▶ [Data section]
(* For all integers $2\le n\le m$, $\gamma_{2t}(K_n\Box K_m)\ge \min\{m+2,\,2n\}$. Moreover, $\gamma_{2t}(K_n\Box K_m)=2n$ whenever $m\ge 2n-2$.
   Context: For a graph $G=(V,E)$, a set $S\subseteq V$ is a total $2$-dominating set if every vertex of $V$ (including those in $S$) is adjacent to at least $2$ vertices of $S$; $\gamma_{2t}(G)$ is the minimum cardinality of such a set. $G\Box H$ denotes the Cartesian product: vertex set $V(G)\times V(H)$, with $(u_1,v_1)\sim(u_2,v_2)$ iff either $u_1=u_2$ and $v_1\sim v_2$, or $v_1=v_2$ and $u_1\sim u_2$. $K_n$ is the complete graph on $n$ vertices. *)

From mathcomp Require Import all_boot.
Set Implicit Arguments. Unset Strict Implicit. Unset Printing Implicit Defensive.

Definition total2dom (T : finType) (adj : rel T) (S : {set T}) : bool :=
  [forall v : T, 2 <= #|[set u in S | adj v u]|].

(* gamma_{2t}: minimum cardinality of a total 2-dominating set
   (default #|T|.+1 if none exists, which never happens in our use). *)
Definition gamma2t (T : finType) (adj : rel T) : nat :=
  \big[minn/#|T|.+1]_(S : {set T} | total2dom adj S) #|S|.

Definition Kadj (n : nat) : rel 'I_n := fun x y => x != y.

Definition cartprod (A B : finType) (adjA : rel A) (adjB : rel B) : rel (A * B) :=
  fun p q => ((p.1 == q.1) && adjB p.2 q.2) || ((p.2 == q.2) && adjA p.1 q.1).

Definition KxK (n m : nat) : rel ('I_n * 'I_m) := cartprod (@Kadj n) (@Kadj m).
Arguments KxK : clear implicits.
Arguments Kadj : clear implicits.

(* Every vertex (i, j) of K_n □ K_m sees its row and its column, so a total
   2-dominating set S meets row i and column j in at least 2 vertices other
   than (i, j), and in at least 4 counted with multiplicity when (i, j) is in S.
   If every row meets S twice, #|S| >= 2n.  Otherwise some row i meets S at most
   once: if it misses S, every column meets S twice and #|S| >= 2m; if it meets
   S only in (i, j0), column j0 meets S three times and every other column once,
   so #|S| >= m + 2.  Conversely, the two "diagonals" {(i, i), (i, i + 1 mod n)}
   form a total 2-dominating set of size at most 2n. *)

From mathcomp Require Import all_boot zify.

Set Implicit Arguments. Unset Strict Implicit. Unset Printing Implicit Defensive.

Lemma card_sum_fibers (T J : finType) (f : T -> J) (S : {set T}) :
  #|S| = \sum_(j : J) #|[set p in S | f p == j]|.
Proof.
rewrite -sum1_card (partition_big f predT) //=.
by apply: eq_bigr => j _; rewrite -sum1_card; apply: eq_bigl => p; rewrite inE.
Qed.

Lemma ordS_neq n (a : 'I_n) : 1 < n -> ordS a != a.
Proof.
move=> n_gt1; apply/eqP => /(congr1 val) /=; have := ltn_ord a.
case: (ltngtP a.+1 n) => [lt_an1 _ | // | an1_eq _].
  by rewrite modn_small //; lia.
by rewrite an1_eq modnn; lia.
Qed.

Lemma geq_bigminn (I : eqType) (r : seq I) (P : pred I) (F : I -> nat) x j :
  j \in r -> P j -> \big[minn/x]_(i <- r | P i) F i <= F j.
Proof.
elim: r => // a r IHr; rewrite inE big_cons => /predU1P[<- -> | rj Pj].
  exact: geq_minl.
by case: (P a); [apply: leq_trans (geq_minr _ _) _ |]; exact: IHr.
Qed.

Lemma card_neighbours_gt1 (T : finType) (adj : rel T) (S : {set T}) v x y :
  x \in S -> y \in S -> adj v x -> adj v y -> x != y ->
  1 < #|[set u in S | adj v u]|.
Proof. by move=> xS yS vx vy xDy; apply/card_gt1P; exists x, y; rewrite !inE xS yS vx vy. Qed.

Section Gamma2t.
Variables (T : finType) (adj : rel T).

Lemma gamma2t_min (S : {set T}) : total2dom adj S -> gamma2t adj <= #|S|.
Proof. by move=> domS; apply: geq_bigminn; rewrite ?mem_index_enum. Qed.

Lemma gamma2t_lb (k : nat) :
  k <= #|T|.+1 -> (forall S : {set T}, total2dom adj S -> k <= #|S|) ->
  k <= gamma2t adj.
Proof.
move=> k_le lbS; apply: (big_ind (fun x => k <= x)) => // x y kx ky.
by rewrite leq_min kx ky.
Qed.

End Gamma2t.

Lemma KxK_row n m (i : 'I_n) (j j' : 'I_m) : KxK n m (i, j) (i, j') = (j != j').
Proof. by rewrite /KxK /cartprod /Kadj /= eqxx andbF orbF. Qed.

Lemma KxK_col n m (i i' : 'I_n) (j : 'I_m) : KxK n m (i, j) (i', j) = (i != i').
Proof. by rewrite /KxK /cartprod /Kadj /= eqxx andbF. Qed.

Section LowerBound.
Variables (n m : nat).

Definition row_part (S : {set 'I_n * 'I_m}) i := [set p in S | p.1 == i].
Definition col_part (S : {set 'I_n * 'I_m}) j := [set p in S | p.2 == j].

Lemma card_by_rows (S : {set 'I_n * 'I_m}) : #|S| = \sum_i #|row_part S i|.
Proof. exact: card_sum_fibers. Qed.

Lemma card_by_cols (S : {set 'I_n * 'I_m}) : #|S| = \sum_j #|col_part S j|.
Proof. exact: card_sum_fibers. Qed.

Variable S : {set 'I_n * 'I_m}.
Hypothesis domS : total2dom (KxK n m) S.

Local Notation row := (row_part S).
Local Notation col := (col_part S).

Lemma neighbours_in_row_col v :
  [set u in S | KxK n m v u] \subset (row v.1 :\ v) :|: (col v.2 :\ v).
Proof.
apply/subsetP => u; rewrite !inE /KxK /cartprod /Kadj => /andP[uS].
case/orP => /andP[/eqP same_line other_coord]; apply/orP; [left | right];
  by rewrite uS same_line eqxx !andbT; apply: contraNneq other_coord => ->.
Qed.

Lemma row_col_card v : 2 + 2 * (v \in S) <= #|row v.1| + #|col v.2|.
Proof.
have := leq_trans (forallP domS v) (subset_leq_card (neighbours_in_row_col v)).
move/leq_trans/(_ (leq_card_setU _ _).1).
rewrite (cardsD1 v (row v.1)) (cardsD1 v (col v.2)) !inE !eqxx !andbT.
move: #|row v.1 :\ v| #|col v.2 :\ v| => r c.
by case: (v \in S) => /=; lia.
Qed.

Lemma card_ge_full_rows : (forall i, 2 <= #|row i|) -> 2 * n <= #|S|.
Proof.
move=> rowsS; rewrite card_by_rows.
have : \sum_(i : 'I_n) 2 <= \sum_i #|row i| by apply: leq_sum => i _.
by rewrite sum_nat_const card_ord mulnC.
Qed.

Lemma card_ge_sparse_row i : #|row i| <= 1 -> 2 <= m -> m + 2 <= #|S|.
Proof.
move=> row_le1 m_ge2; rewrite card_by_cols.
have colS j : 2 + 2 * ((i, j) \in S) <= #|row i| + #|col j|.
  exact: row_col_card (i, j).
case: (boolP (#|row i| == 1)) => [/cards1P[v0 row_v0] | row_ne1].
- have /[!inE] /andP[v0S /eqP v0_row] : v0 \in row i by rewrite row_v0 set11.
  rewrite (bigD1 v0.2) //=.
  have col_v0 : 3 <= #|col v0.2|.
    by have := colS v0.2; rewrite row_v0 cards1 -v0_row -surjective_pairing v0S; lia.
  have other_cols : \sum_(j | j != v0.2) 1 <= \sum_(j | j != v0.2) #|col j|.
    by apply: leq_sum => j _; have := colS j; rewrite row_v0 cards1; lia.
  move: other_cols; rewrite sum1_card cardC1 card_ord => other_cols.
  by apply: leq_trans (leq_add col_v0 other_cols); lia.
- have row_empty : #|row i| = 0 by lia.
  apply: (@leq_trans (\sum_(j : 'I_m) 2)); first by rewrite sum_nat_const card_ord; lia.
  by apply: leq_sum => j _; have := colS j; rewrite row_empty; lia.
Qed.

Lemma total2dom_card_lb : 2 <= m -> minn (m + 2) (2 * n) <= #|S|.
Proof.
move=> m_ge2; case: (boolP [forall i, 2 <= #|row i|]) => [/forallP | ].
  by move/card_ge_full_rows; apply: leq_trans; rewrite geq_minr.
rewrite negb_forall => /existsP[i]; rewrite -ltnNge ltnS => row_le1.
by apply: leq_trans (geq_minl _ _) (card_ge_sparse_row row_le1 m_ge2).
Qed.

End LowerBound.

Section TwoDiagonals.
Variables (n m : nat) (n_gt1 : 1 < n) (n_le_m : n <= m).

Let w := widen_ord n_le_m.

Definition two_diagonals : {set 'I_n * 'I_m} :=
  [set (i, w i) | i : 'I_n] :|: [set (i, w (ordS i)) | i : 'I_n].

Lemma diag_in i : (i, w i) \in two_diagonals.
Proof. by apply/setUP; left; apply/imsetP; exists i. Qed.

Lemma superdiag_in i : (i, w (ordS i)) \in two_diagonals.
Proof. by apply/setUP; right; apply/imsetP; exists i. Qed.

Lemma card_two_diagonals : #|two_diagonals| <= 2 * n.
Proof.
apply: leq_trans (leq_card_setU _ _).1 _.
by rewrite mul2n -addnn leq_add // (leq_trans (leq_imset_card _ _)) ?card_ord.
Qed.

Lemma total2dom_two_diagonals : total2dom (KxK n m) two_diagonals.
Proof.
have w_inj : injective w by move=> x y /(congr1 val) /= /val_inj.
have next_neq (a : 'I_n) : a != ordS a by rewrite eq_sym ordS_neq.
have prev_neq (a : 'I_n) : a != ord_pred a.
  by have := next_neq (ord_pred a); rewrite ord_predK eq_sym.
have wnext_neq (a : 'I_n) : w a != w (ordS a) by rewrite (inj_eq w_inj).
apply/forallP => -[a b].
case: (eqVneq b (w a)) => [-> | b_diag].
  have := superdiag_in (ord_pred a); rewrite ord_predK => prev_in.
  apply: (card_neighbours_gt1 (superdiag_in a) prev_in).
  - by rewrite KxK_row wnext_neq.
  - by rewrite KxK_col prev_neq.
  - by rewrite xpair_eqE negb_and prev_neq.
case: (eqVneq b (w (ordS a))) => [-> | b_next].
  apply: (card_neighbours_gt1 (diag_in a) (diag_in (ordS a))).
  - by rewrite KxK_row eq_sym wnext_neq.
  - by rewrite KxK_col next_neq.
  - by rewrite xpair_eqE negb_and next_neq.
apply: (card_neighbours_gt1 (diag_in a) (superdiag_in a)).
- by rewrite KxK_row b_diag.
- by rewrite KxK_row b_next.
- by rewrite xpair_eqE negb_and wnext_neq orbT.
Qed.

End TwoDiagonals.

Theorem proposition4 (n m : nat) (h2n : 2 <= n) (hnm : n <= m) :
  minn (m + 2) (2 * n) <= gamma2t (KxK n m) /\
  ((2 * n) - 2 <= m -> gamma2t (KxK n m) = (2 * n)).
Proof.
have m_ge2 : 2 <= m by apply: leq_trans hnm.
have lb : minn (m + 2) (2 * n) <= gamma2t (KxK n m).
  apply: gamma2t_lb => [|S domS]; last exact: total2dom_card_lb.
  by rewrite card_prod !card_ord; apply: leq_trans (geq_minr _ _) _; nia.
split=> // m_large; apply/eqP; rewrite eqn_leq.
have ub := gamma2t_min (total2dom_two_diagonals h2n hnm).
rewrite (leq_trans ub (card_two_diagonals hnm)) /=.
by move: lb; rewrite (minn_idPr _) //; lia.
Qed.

...

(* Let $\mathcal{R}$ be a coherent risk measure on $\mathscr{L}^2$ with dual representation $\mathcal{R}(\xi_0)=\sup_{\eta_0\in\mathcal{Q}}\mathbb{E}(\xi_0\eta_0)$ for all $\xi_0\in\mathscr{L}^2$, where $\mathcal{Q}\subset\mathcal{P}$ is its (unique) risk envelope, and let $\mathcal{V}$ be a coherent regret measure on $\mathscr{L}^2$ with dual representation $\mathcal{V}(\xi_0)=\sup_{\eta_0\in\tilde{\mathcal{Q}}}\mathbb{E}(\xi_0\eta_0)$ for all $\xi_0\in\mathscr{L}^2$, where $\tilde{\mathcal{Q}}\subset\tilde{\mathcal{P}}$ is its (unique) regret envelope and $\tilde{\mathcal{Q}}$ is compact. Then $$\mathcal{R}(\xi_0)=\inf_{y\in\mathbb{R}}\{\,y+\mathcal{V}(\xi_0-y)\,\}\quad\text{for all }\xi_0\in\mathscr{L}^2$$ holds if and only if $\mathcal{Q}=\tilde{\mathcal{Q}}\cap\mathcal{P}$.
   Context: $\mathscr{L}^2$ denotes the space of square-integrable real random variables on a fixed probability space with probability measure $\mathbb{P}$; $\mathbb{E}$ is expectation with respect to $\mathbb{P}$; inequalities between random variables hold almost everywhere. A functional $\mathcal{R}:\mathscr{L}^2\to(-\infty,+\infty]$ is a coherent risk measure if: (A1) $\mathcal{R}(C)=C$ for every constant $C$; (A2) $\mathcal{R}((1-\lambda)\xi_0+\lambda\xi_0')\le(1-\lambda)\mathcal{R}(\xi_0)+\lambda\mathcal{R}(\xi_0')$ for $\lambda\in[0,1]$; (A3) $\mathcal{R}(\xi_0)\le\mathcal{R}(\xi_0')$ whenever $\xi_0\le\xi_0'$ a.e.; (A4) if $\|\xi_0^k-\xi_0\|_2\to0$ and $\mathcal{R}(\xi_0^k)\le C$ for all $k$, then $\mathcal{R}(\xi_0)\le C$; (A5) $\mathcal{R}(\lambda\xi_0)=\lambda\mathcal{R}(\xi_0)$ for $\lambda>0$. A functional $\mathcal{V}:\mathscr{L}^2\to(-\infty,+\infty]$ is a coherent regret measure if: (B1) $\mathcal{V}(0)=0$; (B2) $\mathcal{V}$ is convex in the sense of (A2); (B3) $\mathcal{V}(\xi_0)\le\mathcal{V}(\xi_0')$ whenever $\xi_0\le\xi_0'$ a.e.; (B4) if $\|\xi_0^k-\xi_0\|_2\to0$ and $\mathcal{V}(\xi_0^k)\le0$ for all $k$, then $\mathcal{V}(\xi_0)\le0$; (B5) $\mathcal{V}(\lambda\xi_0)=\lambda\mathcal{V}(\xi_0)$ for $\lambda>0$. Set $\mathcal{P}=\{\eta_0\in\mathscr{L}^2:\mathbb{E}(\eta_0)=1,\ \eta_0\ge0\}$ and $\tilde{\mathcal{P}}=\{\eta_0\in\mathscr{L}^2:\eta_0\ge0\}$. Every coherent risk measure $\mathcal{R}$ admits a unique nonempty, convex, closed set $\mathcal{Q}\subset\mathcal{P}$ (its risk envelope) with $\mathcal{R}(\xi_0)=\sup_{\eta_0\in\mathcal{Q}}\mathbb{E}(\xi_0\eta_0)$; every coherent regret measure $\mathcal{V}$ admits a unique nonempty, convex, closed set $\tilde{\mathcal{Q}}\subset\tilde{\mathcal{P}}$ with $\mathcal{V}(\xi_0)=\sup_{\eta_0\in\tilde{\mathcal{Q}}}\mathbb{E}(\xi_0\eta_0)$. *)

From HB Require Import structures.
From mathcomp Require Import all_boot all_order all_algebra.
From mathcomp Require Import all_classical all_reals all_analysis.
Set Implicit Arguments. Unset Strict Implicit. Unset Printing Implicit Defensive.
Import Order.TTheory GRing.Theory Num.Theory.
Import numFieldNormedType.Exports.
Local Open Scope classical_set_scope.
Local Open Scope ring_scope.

--

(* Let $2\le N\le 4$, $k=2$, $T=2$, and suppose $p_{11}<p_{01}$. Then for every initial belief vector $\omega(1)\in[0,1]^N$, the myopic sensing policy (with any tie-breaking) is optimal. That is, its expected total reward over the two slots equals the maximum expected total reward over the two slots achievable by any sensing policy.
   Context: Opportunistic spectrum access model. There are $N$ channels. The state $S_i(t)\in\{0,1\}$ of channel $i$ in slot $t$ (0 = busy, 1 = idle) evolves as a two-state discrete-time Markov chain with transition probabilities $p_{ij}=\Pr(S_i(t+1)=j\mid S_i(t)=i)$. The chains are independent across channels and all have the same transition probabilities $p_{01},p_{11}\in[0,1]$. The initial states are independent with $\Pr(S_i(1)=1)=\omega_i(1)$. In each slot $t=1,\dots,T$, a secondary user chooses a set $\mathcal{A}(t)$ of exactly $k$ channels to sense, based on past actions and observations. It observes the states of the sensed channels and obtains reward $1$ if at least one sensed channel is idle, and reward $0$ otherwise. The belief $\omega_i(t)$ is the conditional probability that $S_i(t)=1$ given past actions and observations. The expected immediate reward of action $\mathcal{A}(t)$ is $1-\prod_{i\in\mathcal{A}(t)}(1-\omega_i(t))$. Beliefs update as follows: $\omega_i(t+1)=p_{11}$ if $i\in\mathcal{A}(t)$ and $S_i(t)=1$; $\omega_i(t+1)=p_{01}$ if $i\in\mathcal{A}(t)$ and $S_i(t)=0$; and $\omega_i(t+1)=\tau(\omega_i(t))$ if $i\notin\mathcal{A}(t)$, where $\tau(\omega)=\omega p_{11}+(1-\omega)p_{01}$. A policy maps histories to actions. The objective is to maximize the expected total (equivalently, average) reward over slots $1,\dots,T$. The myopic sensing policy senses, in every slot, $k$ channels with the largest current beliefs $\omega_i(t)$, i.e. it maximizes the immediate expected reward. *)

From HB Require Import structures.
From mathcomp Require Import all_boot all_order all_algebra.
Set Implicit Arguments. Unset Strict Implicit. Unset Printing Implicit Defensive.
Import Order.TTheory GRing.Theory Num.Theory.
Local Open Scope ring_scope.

▶ [What you should do]
From the listing above, output exactly the run of lines that starts with the line containing "Lemma gamma2t_min (S" and ends with the line containing "have colS j".

▶ [Task answer]
Lemma gamma2t_min (S : {set T}) : total2dom adj S -> gamma2t adj <= #|S|.
Proof. by move=> domS; apply: geq_bigminn; rewrite ?mem_index_enum. Qed.

Lemma gamma2t_lb (k : nat) :
  k <= #|T|.+1 -> (forall S : {set T}, total2dom adj S -> k <= #|S|) ->
  k <= gamma2t adj.
Proof.
move=> k_le lbS; apply: (big_ind (fun x => k <= x)) => // x y kx ky.
by rewrite leq_min kx ky.
Qed.

End Gamma2t.

Lemma KxK_row n m (i : 'I_n) (j j' : 'I_m) : KxK n m (i, j) (i, j') = (j != j').
Proof. by rewrite /KxK /cartprod /Kadj /= eqxx andbF orbF. Qed.

Lemma KxK_col n m (i i' : 'I_n) (j : 'I_m) : KxK n m (i, j) (i', j) = (i != i').
Proof. by rewrite /KxK /cartprod /Kadj /= eqxx andbF. Qed.

Section LowerBound.
Variables (n m : nat).

Definition row_part (S : {set 'I_n * 'I_m}) i := [set p in S | p.1 == i].
Definition col_part (S : {set 'I_n * 'I_m}) j := [set p in S | p.2 == j].

Lemma card_by_rows (S : {set 'I_n * 'I_m}) : #|S| = \sum_i #|row_part S i|.
Proof. exact: card_sum_fibers. Qed.

Lemma card_by_cols (S : {set 'I_n * 'I_m}) : #|S| = \sum_j #|col_part S j|.
Proof. exact: card_sum_fibers. Qed.

Variable S : {set 'I_n * 'I_m}.
Hypothesis domS : total2dom (KxK n m) S.

Local Notation row := (row_part S).
Local Notation col := (col_part S).

Lemma neighbours_in_row_col v :
  [set u in S | KxK n m v u] \subset (row v.1 :\ v) :|: (col v.2 :\ v).
Proof.
apply/subsetP => u; rewrite !inE /KxK /cartprod /Kadj => /andP[uS].
case/orP => /andP[/eqP same_line other_coord]; apply/orP; [left | right];
  by rewrite uS same_line eqxx !andbT; apply: contraNneq other_coord => ->.
Qed.

Lemma row_col_card v : 2 + 2 * (v \in S) <= #|row v.1| + #|col v.2|.
Proof.
have := leq_trans (forallP domS v) (subset_leq_card (neighbours_in_row_col v)).
move/leq_trans/(_ (leq_card_setU _ _).1).
rewrite (cardsD1 v (row v.1)) (cardsD1 v (col v.2)) !inE !eqxx !andbT.
move: #|row v.1 :\ v| #|col v.2 :\ v| => r c.
by case: (v \in S) => /=; lia.
Qed.

Lemma card_ge_full_rows : (forall i, 2 <= #|row i|) -> 2 * n <= #|S|.
Proof.
move=> rowsS; rewrite card_by_rows.
have : \sum_(i : 'I_n) 2 <= \sum_i #|row i| by apply: leq_sum => i _.
by rewrite sum_nat_const card_ord mulnC.
Qed.

Lemma card_ge_sparse_row i : #|row i| <= 1 -> 2 <= m -> m + 2 <= #|S|.
Proof.
move=> row_le1 m_ge2; rewrite card_by_cols.
have colS j : 2 + 2 * ((i, j) \in S) <= #|row i| + #|col j|.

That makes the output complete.